→ **WORK INSTRUCTION**: From the first line of the data below, repeat each line exactly until you reach the line with "subsets of each"; include that line too.

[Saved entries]
• • • • •

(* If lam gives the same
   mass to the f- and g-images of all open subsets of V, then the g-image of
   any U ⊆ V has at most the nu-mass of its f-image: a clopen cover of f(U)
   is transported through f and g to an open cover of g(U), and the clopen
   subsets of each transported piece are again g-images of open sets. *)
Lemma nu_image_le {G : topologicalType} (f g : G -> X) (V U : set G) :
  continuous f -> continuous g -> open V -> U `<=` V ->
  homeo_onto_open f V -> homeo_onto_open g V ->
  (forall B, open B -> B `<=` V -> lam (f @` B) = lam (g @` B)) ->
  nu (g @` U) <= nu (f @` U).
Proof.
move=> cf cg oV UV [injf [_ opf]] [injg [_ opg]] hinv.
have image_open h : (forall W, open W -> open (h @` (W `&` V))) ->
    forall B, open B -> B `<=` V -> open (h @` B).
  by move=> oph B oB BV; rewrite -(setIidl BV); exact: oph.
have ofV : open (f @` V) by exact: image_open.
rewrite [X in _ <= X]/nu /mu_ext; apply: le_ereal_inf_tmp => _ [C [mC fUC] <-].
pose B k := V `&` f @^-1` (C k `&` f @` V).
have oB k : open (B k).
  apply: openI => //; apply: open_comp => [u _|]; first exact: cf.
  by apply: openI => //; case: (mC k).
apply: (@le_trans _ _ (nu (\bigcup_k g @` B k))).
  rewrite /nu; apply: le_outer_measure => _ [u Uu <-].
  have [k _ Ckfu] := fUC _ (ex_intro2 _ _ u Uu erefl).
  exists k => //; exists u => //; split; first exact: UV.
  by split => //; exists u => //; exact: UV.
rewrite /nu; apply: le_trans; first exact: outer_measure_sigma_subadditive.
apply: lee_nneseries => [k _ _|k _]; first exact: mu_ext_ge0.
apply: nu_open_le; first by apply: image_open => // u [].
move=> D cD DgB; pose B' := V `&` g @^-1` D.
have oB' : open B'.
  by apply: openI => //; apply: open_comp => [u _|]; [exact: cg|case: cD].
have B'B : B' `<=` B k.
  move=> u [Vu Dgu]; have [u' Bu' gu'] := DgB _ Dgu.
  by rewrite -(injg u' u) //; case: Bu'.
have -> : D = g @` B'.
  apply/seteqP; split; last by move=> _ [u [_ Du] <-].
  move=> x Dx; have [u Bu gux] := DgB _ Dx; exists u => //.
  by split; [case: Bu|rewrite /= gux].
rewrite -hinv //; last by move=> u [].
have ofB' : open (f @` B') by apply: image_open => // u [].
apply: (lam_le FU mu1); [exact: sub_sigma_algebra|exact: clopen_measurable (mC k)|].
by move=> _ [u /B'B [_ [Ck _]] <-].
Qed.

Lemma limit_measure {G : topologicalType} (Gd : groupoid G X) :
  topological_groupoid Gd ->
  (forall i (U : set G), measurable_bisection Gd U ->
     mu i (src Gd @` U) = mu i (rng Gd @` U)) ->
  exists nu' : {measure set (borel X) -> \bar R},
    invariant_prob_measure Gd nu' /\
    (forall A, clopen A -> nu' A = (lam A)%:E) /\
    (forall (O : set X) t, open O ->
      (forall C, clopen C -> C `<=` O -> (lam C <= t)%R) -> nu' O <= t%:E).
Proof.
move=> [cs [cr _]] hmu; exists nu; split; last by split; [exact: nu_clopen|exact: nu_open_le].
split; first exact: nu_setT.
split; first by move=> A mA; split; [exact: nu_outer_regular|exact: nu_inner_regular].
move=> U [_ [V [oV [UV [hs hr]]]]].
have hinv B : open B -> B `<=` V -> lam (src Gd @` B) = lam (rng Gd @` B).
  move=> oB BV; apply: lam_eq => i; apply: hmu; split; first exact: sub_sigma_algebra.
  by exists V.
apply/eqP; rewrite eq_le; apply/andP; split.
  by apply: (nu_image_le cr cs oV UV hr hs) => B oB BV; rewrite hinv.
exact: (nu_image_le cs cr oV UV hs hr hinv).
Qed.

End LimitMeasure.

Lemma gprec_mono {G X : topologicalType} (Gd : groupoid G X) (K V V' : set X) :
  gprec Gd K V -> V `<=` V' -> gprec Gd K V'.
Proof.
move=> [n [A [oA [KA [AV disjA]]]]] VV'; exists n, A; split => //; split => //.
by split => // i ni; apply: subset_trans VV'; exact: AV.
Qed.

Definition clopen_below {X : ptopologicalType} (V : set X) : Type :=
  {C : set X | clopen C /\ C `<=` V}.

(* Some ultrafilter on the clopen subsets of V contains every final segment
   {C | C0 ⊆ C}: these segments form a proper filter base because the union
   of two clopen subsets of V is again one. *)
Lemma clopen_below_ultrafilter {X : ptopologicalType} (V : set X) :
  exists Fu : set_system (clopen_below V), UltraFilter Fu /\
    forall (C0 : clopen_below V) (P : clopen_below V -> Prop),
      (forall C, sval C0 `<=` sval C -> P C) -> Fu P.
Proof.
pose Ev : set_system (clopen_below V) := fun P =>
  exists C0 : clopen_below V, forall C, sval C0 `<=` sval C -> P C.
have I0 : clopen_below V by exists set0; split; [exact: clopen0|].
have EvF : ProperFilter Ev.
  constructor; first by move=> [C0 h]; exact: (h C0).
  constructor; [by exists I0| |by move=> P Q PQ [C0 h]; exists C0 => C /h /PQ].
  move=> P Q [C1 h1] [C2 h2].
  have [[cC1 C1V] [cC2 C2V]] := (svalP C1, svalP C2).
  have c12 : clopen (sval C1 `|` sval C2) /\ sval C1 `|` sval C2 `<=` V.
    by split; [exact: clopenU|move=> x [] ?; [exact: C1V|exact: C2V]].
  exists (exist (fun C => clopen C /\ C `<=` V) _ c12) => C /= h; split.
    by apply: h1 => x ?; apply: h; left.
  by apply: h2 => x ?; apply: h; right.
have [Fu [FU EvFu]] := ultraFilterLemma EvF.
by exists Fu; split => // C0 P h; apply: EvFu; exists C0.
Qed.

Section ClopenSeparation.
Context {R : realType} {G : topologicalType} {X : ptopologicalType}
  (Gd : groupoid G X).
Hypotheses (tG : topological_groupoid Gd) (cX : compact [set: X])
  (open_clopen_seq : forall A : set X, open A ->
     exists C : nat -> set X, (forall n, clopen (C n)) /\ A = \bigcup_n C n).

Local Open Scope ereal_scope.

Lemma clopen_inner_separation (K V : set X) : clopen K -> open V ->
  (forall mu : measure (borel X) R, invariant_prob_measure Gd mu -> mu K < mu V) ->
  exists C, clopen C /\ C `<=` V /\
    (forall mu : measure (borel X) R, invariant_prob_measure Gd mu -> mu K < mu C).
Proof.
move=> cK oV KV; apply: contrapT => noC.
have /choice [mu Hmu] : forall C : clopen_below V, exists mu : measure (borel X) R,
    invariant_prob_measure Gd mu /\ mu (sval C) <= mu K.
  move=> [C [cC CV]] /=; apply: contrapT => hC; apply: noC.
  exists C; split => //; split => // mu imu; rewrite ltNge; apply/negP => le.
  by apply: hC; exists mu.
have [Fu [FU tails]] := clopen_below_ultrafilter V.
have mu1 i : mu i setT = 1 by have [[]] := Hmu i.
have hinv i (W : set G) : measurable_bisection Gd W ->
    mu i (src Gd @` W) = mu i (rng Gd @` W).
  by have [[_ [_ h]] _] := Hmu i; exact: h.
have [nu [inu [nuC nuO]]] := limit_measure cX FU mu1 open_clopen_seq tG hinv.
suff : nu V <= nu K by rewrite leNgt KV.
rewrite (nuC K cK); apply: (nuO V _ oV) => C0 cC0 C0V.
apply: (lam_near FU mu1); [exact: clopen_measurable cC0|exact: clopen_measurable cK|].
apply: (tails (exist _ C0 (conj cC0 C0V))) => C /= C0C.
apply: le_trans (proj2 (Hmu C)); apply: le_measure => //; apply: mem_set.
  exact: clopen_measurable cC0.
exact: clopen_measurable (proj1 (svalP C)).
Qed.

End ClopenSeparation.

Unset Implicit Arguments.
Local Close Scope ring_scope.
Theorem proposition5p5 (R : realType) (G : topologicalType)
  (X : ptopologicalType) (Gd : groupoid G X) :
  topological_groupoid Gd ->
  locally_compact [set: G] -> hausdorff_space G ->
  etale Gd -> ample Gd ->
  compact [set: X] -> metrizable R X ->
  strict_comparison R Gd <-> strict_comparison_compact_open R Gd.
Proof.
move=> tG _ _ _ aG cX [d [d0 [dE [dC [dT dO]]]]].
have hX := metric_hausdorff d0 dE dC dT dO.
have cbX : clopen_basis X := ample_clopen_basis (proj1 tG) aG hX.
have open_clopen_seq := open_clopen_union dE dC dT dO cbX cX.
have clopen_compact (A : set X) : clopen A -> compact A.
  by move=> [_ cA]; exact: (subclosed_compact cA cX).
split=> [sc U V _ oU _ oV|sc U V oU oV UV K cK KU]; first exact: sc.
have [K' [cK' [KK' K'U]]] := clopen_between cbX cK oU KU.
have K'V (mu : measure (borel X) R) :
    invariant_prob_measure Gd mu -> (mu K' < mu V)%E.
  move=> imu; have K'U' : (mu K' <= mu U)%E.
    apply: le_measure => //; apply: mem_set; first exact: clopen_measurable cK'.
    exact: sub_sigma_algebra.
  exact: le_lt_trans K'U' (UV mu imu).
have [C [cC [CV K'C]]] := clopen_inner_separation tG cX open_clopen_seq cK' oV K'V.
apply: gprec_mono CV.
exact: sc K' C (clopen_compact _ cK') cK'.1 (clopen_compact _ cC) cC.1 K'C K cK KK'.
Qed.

• • • • •

→ **TASK RESULT**:
(* If lam gives the same
   mass to the f- and g-images of all open subsets of V, then the g-image of
   any U ⊆ V has at most the nu-mass of its f-image: a clopen cover of f(U)
   is transported through f and g to an open cover of g(U), and the clopen
   subsets of each transported piece are again g-images of open sets. *)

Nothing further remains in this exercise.